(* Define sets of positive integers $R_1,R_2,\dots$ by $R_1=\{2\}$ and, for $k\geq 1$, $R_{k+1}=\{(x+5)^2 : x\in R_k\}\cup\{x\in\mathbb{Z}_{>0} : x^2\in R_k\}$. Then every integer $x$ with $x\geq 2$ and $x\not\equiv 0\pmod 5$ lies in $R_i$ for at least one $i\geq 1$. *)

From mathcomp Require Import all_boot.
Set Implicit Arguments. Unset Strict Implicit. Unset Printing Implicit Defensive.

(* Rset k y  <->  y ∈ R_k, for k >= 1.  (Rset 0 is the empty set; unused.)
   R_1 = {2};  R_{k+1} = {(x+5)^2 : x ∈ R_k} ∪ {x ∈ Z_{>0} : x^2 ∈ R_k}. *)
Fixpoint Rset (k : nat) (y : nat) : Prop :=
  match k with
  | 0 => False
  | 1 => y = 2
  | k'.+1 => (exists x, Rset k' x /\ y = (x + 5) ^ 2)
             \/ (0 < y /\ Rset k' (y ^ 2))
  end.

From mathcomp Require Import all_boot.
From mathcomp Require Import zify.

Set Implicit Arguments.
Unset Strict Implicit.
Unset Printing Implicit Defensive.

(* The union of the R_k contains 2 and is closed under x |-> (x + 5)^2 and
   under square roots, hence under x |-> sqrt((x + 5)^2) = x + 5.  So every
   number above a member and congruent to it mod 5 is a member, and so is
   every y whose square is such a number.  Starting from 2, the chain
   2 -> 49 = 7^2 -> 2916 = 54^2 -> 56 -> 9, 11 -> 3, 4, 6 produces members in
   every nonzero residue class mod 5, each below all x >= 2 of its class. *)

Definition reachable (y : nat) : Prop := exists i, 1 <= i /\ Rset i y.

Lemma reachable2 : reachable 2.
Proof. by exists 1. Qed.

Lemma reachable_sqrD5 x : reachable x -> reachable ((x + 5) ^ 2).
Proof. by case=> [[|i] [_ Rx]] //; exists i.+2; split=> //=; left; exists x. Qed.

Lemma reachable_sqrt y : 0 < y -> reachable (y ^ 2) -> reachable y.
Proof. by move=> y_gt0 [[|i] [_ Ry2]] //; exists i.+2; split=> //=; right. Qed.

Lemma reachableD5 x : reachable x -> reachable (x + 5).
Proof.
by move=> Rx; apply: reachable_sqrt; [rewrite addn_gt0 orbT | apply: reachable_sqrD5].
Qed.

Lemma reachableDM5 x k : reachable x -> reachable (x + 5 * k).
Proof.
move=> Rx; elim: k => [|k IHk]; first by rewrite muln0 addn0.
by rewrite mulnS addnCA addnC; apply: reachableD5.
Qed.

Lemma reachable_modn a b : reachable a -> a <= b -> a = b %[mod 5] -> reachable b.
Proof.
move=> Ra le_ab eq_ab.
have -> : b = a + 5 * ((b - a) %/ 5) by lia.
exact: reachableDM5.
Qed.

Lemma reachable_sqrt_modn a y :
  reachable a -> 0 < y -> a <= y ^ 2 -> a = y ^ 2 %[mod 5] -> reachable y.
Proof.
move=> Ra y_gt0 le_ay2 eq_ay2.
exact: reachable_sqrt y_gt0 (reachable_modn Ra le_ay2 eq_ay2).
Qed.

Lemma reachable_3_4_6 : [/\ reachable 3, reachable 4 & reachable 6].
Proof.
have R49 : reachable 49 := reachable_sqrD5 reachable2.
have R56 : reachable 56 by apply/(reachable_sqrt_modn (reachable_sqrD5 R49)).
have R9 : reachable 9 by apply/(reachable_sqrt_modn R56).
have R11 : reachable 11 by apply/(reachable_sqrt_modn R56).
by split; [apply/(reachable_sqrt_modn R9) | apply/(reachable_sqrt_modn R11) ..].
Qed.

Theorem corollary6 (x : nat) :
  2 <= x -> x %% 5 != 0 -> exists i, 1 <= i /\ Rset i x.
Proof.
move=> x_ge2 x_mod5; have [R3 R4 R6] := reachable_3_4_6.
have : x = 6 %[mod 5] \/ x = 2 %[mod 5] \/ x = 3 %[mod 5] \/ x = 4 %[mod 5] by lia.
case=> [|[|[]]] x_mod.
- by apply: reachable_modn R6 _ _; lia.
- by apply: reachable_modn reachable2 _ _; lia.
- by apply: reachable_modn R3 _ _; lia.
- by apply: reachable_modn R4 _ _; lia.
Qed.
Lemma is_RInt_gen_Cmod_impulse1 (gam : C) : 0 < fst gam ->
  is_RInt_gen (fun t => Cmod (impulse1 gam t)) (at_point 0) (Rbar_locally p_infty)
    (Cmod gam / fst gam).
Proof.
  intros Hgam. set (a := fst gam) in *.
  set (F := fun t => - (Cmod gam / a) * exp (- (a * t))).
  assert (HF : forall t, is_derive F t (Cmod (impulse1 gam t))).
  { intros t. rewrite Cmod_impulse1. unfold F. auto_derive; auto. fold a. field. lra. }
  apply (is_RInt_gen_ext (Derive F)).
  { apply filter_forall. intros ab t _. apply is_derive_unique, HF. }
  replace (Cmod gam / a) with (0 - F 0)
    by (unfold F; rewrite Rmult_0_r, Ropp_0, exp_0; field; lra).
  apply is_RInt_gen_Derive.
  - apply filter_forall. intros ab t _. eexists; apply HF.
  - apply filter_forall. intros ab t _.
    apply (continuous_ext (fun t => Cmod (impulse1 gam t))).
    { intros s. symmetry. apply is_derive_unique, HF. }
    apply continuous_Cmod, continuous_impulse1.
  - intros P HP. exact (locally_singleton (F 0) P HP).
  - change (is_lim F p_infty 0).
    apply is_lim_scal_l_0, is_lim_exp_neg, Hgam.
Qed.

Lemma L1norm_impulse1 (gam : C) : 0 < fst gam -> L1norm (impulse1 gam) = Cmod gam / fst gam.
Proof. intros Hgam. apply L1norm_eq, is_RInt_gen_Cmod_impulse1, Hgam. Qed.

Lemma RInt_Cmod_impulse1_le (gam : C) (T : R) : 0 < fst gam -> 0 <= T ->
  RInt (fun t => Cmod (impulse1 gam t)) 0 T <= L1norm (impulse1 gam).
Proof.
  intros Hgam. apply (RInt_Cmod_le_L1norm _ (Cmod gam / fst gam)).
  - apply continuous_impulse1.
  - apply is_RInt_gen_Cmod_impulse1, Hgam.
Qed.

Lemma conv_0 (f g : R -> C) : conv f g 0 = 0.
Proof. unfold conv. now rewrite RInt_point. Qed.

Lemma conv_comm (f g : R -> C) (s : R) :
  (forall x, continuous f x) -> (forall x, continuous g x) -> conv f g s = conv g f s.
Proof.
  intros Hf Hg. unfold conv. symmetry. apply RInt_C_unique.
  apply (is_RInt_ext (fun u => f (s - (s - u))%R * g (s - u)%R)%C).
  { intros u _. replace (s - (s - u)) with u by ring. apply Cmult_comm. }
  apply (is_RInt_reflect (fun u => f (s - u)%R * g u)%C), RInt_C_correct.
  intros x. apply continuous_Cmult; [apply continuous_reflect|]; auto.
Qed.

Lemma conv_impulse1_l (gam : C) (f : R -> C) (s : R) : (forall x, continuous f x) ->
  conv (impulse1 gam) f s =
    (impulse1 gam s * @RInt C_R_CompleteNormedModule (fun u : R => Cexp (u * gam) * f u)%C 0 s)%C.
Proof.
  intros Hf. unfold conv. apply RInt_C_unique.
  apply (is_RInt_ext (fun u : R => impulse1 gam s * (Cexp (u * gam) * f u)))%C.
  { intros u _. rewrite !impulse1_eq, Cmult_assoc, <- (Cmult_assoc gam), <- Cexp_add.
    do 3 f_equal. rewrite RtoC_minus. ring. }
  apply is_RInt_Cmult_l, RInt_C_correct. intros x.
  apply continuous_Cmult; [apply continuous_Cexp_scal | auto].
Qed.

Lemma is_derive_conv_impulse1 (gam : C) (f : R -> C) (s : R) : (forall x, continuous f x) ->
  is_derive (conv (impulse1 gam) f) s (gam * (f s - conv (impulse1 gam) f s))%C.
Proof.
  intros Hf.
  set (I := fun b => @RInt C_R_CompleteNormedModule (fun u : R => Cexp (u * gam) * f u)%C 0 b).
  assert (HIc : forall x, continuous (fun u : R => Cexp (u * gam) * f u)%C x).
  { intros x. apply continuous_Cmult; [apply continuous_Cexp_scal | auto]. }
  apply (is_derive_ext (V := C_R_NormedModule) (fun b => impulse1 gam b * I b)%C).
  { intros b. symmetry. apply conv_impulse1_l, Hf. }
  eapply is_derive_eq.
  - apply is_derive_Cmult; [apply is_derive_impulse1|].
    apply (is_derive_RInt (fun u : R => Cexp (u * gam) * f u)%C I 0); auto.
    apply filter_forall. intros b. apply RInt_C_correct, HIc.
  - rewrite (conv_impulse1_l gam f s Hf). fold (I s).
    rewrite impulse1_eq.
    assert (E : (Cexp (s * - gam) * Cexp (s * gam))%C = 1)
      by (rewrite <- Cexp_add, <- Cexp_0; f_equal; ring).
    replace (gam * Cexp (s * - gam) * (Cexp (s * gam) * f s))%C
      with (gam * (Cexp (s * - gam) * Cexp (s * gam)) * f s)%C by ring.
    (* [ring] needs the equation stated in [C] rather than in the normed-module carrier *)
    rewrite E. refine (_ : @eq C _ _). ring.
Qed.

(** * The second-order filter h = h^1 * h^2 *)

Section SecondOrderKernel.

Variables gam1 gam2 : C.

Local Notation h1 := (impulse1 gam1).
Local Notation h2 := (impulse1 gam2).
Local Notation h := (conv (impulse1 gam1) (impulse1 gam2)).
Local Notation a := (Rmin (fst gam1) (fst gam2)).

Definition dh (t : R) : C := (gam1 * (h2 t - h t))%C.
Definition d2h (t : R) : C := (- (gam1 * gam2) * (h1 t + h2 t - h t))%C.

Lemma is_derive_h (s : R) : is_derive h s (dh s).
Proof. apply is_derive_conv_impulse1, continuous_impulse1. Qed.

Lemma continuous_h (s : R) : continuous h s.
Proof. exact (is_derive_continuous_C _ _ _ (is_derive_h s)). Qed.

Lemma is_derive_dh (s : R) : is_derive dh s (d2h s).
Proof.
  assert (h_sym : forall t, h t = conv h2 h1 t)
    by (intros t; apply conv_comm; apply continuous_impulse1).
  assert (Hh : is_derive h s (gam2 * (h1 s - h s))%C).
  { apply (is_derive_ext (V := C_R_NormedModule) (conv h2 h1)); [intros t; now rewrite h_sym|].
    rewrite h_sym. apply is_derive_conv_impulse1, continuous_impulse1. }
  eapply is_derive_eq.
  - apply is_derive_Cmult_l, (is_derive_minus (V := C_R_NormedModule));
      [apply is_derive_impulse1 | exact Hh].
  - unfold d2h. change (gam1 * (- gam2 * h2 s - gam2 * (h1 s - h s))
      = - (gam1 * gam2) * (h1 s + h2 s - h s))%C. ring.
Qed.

________

ASSIGNED TASK. Up to and including the line that holds "Set Implicit Arguments. Unset", reproduce the records above exactly from their first line, and give nothing else.

ANSWER SECTION.
(* Define sets of positive integers $R_1,R_2,\dots$ by $R_1=\{2\}$ and, for $k\geq 1$, $R_{k+1}=\{(x+5)^2 : x\in R_k\}\cup\{x\in\mathbb{Z}_{>0} : x^2\in R_k\}$. Then every integer $x$ with $x\geq 2$ and $x\not\equiv 0\pmod 5$ lies in $R_i$ for at least one $i\geq 1$. *)

From mathcomp Require Import all_boot.
Set Implicit Arguments. Unset Strict Implicit. Unset Printing Implicit Defensive.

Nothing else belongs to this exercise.